[Collected data]
-------

Lemma abel_summation_bounded (D : {set T}) (c : R) :
  (forall e, e \in D -> w e <= c) ->
  (forall f, f \in D -> 0 <= \sum_(e in D | w e <= w f) h e) ->
  \sum_(e in D) h e * (w e - c) <= 0 /\
  (\sum_(e in D) h e * (w e - c) = 0 ->
     forall f, f \in D -> w f < c -> \sum_(e in D | w e <= w f) h e = 0).
Proof.
have [k] := ubnP #|D|; elim: k D c => // k IH D c cardD wc prefix_ge0.
have [D0 | [f0 f0D]] := set_0Vmem D.
  by rewrite D0 big_set0; split=> // _ f; rewrite inE.
have [f1 f1D maxf1] : exists2 f1, f1 \in D & forall e, e \in D -> w e <= w f1.
  by case: (arg_maxP w f0D) => f1 f1D maxf1; exists f1.
pose D' := [set e in D | w e < w f1].
have prefixD' f : f \in D' ->
    \sum_(e in D' | w e <= w f) h e = \sum_(e in D | w e <= w f) h e.
  rewrite inE => /andP[_ wf]; apply: eq_bigl => e; rewrite inE.
  case: (leP (w e) (w f)) => wef; last by rewrite !andbF.
  by rewrite (le_lt_trans wef wf) !andbT.
have D'D : D' \proper D.
  apply/properP; split; first by apply/subsetP => e; rewrite inE => /andP[].
  by exists f1; rewrite // inE ltxx andbF.
have cardD' : (#|D'| < k)%N by have := proper_card D'D; lia.
have wD' e : e \in D' -> w e <= w f1 by rewrite inE => /andP[_ /ltW].
have prefixD'_ge0 f : f \in D' -> 0 <= \sum_(e in D' | w e <= w f) h e.
  by move=> f'; rewrite prefixD' //; apply: prefix_ge0; move: f'; rewrite inE => /andP[].
have [IH1 IH2] := IH D' (w f1) cardD' wD' prefixD'_ge0.
have sumD : \sum_(e in D) h e * (w e - c) =
    \sum_(e in D') h e * (w e - w f1) + (w f1 - c) * \sum_(e in D) h e.
  have -> : \sum_(e in D) h e * (w e - c) =
      \sum_(e in D) h e * (w e - w f1) + (w f1 - c) * \sum_(e in D) h e.
    by rewrite mulr_sumr -big_split /=; apply: eq_bigr => e _; ring.
  congr (_ + _); rewrite (bigID (fun e => w e < w f1)) /= addrC big1 ?add0r.
    by apply: eq_bigl => e; rewrite inE.
  move=> e /andP[eD]; rewrite -leNgt => wf1e.
  suff -> : w e = w f1 by rewrite subrr mulr0.
  by apply/eqP; rewrite eq_le maxf1.
have sum_prefix f : f \in D -> w f1 <= w f ->
    \sum_(e in D | w e <= w f) h e = \sum_(e in D) h e.
  move=> fD wf1f; apply: eq_bigl => e; case eD : (e \in D) => //=.
  exact: le_trans (maxf1 e eD) wf1f.
have hD_ge0 : 0 <= \sum_(e in D) h e by rewrite -(sum_prefix f1) ?prefix_ge0.
have wf1c : w f1 - c <= 0 by rewrite subr_le0 wc.
have tail_le0 : (w f1 - c) * \sum_(e in D) h e <= 0 by rewrite mulr_le0_ge0.
rewrite sumD; split=> [|sum0 f fD wfc]; first lra.
case: (ltP (w f) (w f1)) => wff1.
  by rewrite -prefixD' ?IH2 ?inE ?fD //; lra.
have : (w f1 - c) * \sum_(e in D) h e = 0 by lra.
move/eqP; rewrite mulf_eq0 subr_eq0 (lt_eqF (le_lt_trans wff1 wfc)) /=.
by rewrite sum_prefix // => /eqP.
Qed.

Lemma abel_summation : \sum_e h e = 0 ->
  (forall f, 0 <= \sum_(e | w e <= w f) h e) ->
  \sum_e h e * w e <= 0 /\
  (\sum_e h e * w e = 0 -> forall f, \sum_(e | w e <= w f) h e = 0).
Proof.
move=> h0 prefix_ge0; pose c := 1 + \sum_e `|w e|.
have wc e : w e < c.
  have : w e <= \sum_e `|w e|.
    by rewrite (bigD1 e) //= (le_trans (ler_norm _)) // lerDl sumr_ge0.
  rewrite /c; lra.
have prefixT f : \sum_(e in [set: T] | w e <= w f) h e = \sum_(e | w e <= w f) h e.
  by apply: eq_bigl => e; rewrite inE.
have sumT : \sum_(e in [set: T]) h e * (w e - c) = \sum_e h e * w e.
  rewrite (eq_bigl xpredT) => [|e]; last by rewrite inE.
  by under eq_bigr do rewrite mulrBr; rewrite sumrB -mulr_suml h0 mul0r subr0.
have [] := @abel_summation_bounded [set: T] c (fun e _ => ltW (wc e)).
  by move=> f _; rewrite prefixT.
by rewrite sumT => le0 eq0; split=> // sum0 f; rewrite -prefixT eq0 ?inE.
Qed.

End AbelSummation.

Section Farkas.
Variables (R : realFieldType) (T : finType).

Definition dot (a x : T -> R) : R := \sum_e a e * x e.

Lemma dot_subl (a b x : T -> R) k :
  dot (fun e => a e - k * b e) x = dot a x - k * dot b x.
Proof. by rewrite /dot mulr_sumr -sumrB; apply: eq_bigr => e _; ring. Qed.

Lemma dot_subr (a x y : T -> R) k :
  dot a (fun e => x e - k * y e) = dot a x - k * dot a y.
Proof. by rewrite /dot mulr_sumr -sumrB; apply: eq_bigr => e _; ring. Qed.

(* Fourier-Motzkin elimination of the first vector of [s]. *)
Lemma farkas_lemma (I : eqType) (s : seq I) (a : I -> T -> R) (b : T -> R) : uniq s ->
  (exists x, (forall i, i \in s -> 0 <= dot (a i) x) /\ dot b x < 0) \/
  (exists c : I -> R, (forall i, i \in s -> 0 <= c i) /\
     forall e, b e = \sum_(i <- s) c i * a i e).
Proof.
elim: s a b => [|i0 s IH] a b.
  move=> _; case: (boolP [forall e, b e == 0]) => [/forallP b0 | /forallPn[e be]].
    by right; exists (fun _ => 0); split=> // e; rewrite big_nil; apply/eqP.
  left; exists (fun e' => if e' == e then - b e else 0); split=> //.
  rewrite /dot (bigD1 e) //= eqxx big1 ?addr0 => [|e' /negbTE ->]; last by rewrite mulr0.
  by rewrite mulrN oppr_lt0 -expr2 lt_def sqr_ge0 expf_neq0.
rewrite cons_uniq => /andP[i0s uniq_s].
have mem_cons i : i \in i0 :: s -> i = i0 \/ i \in s by rewrite inE => /orP[/eqP|]; [left|right].
have sum_s (c : I -> R) c0 e :
    \sum_(i <- s) (if i == i0 then c0 else c i) * a i e = \sum_(i <- s) c i * a i e.
  by apply: eq_big_seq => i i_s; case: (i =P i0) => // ii0; move: i0s; rewrite -ii0 i_s.
have [[x [ax_ge0 bx_lt0]] | [c [c_ge0 bc]]] := IH a b uniq_s; last first.
  right; exists (fun i => if i == i0 then 0 else c i); split.
    by move=> i /mem_cons[->|i_s]; rewrite ?eqxx //; case: eqP => // _; apply: c_ge0.
  by move=> e; rewrite big_cons eqxx mul0r add0r sum_s bc.
have [a0x_ge0 | a0x_lt0] := leP 0 (dot (a i0) x).
  by left; exists x; split=> // i /mem_cons[->|]; last apply: ax_ge0.
set al := dot (a i0) x; have al_neq0 : al != 0 by rewrite lt_eqF.
pose a' i e := a i e - (dot (a i) x / al) * a i0 e.
pose b' e := b e - (dot b x / al) * a i0 e.
have [[y [a'y_ge0 b'y_lt0]] | [c [c_ge0 b'c]]] := IH a' b' uniq_s.
  left; exists (fun e => y e - (dot (a i0) y / al) * x e); split.
    move=> i /mem_cons[->|i_s]; first by rewrite dot_subr -/al divfK // subrr.
    move: (a'y_ge0 i i_s); rewrite /a' dot_subl dot_subr.
    suff -> : dot (a i0) y / al * dot (a i) x = dot (a i) x / al * dot (a i0) y by [].
    ring.
  move: b'y_lt0; rewrite /b' dot_subl dot_subr.
  suff -> : dot (a i0) y / al * dot b x = dot b x / al * dot (a i0) y by [].
  ring.
right; set S := \sum_(i <- s) c i * dot (a i) x.
have S_ge0 : 0 <= S.
  by rewrite /S big_seq sumr_ge0 // => i i_s; rewrite mulr_ge0 ?c_ge0 ?ax_ge0.
exists (fun i => if i == i0 then (dot b x - S) / al else c i); split.
  move=> i /mem_cons[->|i_s]; last first.
    by case: (i =P i0) => [ii0 | _]; [move: i0s; rewrite -ii0 i_s | apply: c_ge0].
  by rewrite eqxx -mulrNN -invrN divr_ge0 // oppr_ge0 ltW //; lra.
move=> e; rewrite big_cons eqxx sum_s.
have := b'c e; rewrite /b' /a'.
have -> : \sum_(i <- s) c i * (a i e - dot (a i) x / al * a i0 e) =
          \sum_(i <- s) c i * a i e - S / al * a i0 e.
  by rewrite /S mulr_suml mulr_suml -sumrB; apply: eq_bigr => i _; ring.
move=> b'E; rewrite -[b e](subrK (dot b x / al * a i0 e)) b'E; ring.
Qed.

End Farkas.

Lemma ler_ratio_nat (R : realFieldType) (a b p q : nat) : (0 < b)%N -> (0 < q)%N ->
  ((a%:R / b%:R : R) <= p%:R / q%:R) = (a * q <= p * b)%N.
Proof.
move=> b_gt0 q_gt0; rewrite ler_pdivrMr ?ltr0n // mulrAC ler_pdivlMr ?ltr0n //.
by rewrite -!natrM ler_nat.
Qed.

Lemma ltr_ratio_nat (R : realFieldType) (a b p q : nat) : (0 < b)%N -> (0 < q)%N ->
  ((a%:R / b%:R : R) < p%:R / q%:R) = (a * q < p * b)%N.
Proof.
move=> b_gt0 q_gt0; rewrite ltr_pdivrMr ?ltr0n // mulrAC ltr_pdivlMr ?ltr0n //.
by rewrite -!natrM ltr_nat.
Qed.

Section Indicator.
Variables (R : realType) (T : finType) (bases : {set {set T}}).

Lemma sum_indicator (F : {set T} -> R) e :
  \sum_(B in bases | e \in B) F B = \sum_(B in bases) F B * indicator R B e.
Proof.
rewrite big_mkcondr; apply: eq_bigr => B _.
by rewrite /indicator; case: (e \in B); rewrite ?mulr1 ?mulr0.
Qed.

Lemma sum_measure_meet (mu : {set T} -> R) (A : {set T}) :
  \sum_(e in A) \sum_(B in bases | e \in B) mu B = \sum_(B in bases) mu B * #|A :&: B|%:R.
Proof.
under eq_bigr do rewrite big_mkcondr /=.
rewrite exchange_big /=; apply: eq_bigr => B _.
rewrite -big_mkcondr /= (eq_bigl (fun e => e \in A :&: B)); last by move=> e; rewrite inE.
by rewrite sumr_const mulr_natr.
Qed.

Lemma sum_indicator_set (S B : {set T}) : \sum_(e in S) indicator R B e = #|S :&: B|%:R.
Proof.
have -> : \sum_(e in S) indicator R B e = \sum_(e in S | e \in B) 1.
  by rewrite big_mkcondr; apply: eq_bigr => e _; rewrite /indicator; case: (e \in B).
by rewrite (eq_bigl (fun e => e \in S :&: B)) ?sumr_const // => e; rewrite inE.
Qed.

End Indicator.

-------

• _WORK REQUIRED_: Reproduce exactly the lines from the one containing "by rewrite -!natrM ltr_nat." through the last line of the records above, including both, and nothing else.

• _THE COMPLETED TASK_:
by rewrite -!natrM ltr_nat.
Qed.

Section Indicator.
Variables (R : realType) (T : finType) (bases : {set {set T}}).

Lemma sum_indicator (F : {set T} -> R) e :
  \sum_(B in bases | e \in B) F B = \sum_(B in bases) F B * indicator R B e.
Proof.
rewrite big_mkcondr; apply: eq_bigr => B _.
by rewrite /indicator; case: (e \in B); rewrite ?mulr1 ?mulr0.
Qed.

Lemma sum_measure_meet (mu : {set T} -> R) (A : {set T}) :
  \sum_(e in A) \sum_(B in bases | e \in B) mu B = \sum_(B in bases) mu B * #|A :&: B|%:R.
Proof.
under eq_bigr do rewrite big_mkcondr /=.
rewrite exchange_big /=; apply: eq_bigr => B _.
rewrite -big_mkcondr /= (eq_bigl (fun e => e \in A :&: B)); last by move=> e; rewrite inE.
by rewrite sumr_const mulr_natr.
Qed.

Lemma sum_indicator_set (S B : {set T}) : \sum_(e in S) indicator R B e = #|S :&: B|%:R.
Proof.
have -> : \sum_(e in S) indicator R B e = \sum_(e in S | e \in B) 1.
  by rewrite big_mkcondr; apply: eq_bigr => e _; rewrite /indicator; case: (e \in B).
by rewrite (eq_bigl (fun e => e \in S :&: B)) ?sumr_const // => e; rewrite inE.
Qed.

End Indicator.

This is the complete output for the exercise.